» **Activity**:
How do the lines below between the ones holding "Definition eweight (x" and "Inductive move := Invoke | Step of nat & V.", inclusive, read? Give them again exactly, with no other lines.

** The records follows **

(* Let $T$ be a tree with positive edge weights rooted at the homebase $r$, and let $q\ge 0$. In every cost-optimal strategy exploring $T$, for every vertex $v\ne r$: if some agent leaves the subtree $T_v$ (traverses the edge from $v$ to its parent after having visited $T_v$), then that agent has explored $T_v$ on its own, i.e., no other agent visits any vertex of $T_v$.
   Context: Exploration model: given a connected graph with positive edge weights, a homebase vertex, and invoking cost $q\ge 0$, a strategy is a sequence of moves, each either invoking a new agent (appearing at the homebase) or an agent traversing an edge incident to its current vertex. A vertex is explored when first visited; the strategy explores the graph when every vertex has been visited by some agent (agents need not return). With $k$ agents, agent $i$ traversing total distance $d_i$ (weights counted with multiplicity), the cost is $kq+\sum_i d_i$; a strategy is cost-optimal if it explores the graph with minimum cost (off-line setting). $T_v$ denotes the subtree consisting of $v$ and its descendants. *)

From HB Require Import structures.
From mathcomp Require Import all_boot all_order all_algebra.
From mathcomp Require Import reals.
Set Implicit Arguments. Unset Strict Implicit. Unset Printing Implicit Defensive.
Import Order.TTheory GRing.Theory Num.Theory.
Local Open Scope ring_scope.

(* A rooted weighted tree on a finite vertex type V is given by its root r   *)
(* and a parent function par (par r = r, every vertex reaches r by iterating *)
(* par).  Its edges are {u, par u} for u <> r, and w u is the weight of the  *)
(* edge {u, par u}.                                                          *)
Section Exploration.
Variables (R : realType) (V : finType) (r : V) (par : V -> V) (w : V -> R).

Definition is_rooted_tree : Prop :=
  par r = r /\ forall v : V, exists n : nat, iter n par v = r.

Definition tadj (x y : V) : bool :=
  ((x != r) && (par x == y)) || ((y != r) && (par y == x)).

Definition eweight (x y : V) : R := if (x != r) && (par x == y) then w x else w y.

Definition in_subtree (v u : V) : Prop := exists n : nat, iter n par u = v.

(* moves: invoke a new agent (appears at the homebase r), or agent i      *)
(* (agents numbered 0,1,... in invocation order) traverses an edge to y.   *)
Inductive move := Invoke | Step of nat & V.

** End of The records **
** The records follows **

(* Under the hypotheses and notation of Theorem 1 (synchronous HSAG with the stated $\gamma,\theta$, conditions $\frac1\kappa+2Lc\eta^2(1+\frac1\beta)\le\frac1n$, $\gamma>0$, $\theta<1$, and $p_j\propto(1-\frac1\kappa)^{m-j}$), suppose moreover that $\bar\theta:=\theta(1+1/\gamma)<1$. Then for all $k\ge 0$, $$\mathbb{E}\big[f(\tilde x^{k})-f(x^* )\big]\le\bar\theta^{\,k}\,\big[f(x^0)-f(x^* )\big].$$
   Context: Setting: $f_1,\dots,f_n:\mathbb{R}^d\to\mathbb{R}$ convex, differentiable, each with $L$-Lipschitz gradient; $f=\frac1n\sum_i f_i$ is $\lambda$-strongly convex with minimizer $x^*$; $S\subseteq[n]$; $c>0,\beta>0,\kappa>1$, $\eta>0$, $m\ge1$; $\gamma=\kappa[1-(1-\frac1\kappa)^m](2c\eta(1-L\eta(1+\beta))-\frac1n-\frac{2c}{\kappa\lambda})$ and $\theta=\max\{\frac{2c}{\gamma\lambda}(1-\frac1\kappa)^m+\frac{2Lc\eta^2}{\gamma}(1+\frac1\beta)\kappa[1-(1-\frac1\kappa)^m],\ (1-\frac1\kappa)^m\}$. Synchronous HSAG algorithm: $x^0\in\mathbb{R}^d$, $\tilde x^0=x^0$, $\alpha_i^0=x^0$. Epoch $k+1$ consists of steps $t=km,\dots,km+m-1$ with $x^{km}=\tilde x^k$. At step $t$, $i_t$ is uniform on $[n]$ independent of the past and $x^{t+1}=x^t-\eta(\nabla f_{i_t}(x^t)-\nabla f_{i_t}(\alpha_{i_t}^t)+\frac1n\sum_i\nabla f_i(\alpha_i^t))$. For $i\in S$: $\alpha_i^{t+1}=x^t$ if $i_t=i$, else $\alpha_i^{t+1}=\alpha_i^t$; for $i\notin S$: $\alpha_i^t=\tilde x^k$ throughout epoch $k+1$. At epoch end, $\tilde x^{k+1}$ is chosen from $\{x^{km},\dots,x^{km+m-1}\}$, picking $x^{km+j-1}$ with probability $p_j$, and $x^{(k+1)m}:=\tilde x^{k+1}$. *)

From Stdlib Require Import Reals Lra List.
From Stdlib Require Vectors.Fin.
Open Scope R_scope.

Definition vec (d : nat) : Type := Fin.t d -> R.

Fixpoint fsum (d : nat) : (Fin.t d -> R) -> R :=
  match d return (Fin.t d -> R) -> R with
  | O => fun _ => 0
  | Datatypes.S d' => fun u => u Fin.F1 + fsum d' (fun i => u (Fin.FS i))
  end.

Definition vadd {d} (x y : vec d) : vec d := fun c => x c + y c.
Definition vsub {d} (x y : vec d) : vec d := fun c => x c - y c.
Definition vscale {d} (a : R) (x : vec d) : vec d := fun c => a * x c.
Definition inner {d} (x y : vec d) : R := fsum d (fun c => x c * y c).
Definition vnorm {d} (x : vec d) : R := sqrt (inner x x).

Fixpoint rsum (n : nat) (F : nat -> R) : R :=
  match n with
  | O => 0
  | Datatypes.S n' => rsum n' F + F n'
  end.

** End of The records **
** The records follows **

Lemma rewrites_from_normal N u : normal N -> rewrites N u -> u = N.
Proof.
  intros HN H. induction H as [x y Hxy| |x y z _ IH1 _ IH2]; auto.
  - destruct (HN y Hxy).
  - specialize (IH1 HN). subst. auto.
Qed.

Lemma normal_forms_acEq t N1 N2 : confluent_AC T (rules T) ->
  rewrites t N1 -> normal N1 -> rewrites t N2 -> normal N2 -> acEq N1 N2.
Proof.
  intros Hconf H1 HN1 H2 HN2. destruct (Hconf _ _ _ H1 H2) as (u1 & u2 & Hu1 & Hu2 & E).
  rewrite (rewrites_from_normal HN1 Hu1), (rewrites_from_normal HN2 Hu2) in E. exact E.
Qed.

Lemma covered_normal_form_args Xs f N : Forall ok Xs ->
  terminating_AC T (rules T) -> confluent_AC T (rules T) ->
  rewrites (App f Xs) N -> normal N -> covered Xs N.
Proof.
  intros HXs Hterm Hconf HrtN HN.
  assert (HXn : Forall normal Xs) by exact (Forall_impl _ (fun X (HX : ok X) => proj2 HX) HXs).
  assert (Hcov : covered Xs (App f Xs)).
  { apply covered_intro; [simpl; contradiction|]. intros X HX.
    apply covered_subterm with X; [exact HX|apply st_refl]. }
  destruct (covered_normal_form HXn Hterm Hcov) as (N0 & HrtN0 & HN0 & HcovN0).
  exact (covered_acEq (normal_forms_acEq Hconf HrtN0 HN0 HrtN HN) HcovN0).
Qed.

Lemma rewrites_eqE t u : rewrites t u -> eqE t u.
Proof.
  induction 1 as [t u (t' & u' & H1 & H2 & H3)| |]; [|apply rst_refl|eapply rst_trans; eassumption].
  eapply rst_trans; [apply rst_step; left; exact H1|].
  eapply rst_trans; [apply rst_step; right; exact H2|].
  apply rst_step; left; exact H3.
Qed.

** End of The records **

» **Solution to the problem**:
Definition eweight (x y : V) : R := if (x != r) && (par x == y) then w x else w y.

Definition in_subtree (v u : V) : Prop := exists n : nat, iter n par u = v.

(* moves: invoke a new agent (appears at the homebase r), or agent i      *)
(* (agents numbered 0,1,... in invocation order) traverses an edge to y.   *)
Inductive move := Invoke | Step of nat & V.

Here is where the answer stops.